* Exercise objective: Stop after the line that contains "hYZ hnZ hC0"; until then, restate each line of the entries word for word from the very first.

··· The data ···

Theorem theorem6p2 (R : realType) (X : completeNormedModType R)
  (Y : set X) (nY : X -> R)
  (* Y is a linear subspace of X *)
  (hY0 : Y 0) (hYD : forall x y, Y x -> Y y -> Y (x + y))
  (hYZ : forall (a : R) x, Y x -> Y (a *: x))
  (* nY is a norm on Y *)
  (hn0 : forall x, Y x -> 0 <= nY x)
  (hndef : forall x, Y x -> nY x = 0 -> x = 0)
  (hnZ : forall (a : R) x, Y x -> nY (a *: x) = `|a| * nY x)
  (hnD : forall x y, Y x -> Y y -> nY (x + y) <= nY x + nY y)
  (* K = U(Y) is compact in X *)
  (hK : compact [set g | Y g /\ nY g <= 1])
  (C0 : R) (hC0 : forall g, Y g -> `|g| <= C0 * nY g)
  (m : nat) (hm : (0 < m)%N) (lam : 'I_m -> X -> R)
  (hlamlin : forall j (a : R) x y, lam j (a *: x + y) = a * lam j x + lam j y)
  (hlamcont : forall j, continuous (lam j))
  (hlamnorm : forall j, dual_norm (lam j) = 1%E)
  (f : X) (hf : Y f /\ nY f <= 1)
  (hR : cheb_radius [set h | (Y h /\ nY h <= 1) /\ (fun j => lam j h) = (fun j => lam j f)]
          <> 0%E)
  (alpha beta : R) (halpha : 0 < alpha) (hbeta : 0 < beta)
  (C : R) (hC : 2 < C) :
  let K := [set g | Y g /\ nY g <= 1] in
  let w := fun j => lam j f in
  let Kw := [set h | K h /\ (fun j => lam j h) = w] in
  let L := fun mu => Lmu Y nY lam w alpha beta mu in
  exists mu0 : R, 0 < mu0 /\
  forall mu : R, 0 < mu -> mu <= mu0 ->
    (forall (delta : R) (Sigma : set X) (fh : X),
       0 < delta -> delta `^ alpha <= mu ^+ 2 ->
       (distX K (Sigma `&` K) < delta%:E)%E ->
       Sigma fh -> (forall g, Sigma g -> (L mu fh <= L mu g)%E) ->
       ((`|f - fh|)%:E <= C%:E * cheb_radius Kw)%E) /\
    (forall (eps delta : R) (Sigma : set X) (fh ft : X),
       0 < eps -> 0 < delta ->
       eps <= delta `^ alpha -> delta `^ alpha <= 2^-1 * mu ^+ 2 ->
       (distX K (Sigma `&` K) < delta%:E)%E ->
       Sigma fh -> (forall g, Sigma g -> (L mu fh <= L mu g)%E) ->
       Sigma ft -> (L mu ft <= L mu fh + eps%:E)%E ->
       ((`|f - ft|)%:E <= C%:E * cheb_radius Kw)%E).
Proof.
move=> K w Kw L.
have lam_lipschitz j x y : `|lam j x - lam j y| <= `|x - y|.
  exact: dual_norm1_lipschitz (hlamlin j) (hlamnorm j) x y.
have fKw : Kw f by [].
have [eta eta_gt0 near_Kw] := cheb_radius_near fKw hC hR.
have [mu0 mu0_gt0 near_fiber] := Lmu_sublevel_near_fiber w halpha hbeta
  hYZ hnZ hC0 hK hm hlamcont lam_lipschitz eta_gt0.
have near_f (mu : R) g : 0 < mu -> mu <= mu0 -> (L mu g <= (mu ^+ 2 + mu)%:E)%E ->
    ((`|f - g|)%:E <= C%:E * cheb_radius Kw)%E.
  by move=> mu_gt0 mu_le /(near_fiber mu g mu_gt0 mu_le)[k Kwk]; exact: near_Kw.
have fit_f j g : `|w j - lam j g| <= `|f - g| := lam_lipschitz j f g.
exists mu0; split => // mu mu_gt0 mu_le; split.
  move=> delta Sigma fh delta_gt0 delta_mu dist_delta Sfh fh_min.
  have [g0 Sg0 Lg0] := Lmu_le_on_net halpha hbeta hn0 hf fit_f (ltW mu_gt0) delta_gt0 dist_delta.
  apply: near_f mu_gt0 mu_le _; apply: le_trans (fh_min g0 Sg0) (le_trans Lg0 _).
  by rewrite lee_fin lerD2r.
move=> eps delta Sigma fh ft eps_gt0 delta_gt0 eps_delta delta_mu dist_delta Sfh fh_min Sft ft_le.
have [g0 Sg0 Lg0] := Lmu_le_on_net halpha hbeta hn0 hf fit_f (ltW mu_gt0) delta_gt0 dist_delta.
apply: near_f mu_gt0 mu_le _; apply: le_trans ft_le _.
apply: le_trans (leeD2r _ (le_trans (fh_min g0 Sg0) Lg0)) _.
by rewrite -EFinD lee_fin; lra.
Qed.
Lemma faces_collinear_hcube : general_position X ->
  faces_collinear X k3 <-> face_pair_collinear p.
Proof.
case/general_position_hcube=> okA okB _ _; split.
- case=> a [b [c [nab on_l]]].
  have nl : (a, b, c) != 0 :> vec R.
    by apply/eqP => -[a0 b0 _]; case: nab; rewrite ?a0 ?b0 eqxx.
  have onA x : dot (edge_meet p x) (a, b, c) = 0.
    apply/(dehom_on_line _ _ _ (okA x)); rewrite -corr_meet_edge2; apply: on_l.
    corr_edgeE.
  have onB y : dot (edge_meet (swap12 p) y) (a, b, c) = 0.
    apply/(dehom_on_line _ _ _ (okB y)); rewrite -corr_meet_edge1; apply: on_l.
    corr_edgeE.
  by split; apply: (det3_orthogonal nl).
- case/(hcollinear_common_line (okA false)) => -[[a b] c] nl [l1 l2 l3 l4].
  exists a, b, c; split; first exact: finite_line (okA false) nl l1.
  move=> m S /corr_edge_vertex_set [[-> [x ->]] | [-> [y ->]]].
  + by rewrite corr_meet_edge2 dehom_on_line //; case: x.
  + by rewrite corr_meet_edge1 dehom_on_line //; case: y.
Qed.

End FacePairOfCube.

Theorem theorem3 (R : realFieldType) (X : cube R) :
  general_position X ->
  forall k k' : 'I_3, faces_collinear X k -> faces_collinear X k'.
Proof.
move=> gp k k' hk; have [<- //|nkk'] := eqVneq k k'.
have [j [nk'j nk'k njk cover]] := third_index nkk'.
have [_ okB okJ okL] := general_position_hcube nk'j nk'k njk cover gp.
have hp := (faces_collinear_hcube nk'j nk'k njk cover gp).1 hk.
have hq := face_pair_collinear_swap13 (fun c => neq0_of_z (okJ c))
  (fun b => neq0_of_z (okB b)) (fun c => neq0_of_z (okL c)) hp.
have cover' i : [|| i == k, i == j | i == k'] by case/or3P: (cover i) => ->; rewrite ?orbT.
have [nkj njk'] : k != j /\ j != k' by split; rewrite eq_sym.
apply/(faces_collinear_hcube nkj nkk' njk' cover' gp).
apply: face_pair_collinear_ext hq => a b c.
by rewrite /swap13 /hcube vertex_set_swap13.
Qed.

···

* Written solution:
Theorem theorem6p2 (R : realType) (X : completeNormedModType R)
  (Y : set X) (nY : X -> R)
  (* Y is a linear subspace of X *)
  (hY0 : Y 0) (hYD : forall x y, Y x -> Y y -> Y (x + y))
  (hYZ : forall (a : R) x, Y x -> Y (a *: x))
  (* nY is a norm on Y *)
  (hn0 : forall x, Y x -> 0 <= nY x)
  (hndef : forall x, Y x -> nY x = 0 -> x = 0)
  (hnZ : forall (a : R) x, Y x -> nY (a *: x) = `|a| * nY x)
  (hnD : forall x y, Y x -> Y y -> nY (x + y) <= nY x + nY y)
  (* K = U(Y) is compact in X *)
  (hK : compact [set g | Y g /\ nY g <= 1])
  (C0 : R) (hC0 : forall g, Y g -> `|g| <= C0 * nY g)
  (m : nat) (hm : (0 < m)%N) (lam : 'I_m -> X -> R)
  (hlamlin : forall j (a : R) x y, lam j (a *: x + y) = a * lam j x + lam j y)
  (hlamcont : forall j, continuous (lam j))
  (hlamnorm : forall j, dual_norm (lam j) = 1%E)
  (f : X) (hf : Y f /\ nY f <= 1)
  (hR : cheb_radius [set h | (Y h /\ nY h <= 1) /\ (fun j => lam j h) = (fun j => lam j f)]
          <> 0%E)
  (alpha beta : R) (halpha : 0 < alpha) (hbeta : 0 < beta)
  (C : R) (hC : 2 < C) :
  let K := [set g | Y g /\ nY g <= 1] in
  let w := fun j => lam j f in
  let Kw := [set h | K h /\ (fun j => lam j h) = w] in
  let L := fun mu => Lmu Y nY lam w alpha beta mu in
  exists mu0 : R, 0 < mu0 /\
  forall mu : R, 0 < mu -> mu <= mu0 ->
    (forall (delta : R) (Sigma : set X) (fh : X),
       0 < delta -> delta `^ alpha <= mu ^+ 2 ->
       (distX K (Sigma `&` K) < delta%:E)%E ->
       Sigma fh -> (forall g, Sigma g -> (L mu fh <= L mu g)%E) ->
       ((`|f - fh|)%:E <= C%:E * cheb_radius Kw)%E) /\
    (forall (eps delta : R) (Sigma : set X) (fh ft : X),
       0 < eps -> 0 < delta ->
       eps <= delta `^ alpha -> delta `^ alpha <= 2^-1 * mu ^+ 2 ->
       (distX K (Sigma `&` K) < delta%:E)%E ->
       Sigma fh -> (forall g, Sigma g -> (L mu fh <= L mu g)%E) ->
       Sigma ft -> (L mu ft <= L mu fh + eps%:E)%E ->
       ((`|f - ft|)%:E <= C%:E * cheb_radius Kw)%E).
Proof.
move=> K w Kw L.
have lam_lipschitz j x y : `|lam j x - lam j y| <= `|x - y|.
  exact: dual_norm1_lipschitz (hlamlin j) (hlamnorm j) x y.
have fKw : Kw f by [].
have [eta eta_gt0 near_Kw] := cheb_radius_near fKw hC hR.
have [mu0 mu0_gt0 near_fiber] := Lmu_sublevel_near_fiber w halpha hbeta
  hYZ hnZ hC0 hK hm hlamcont lam_lipschitz eta_gt0.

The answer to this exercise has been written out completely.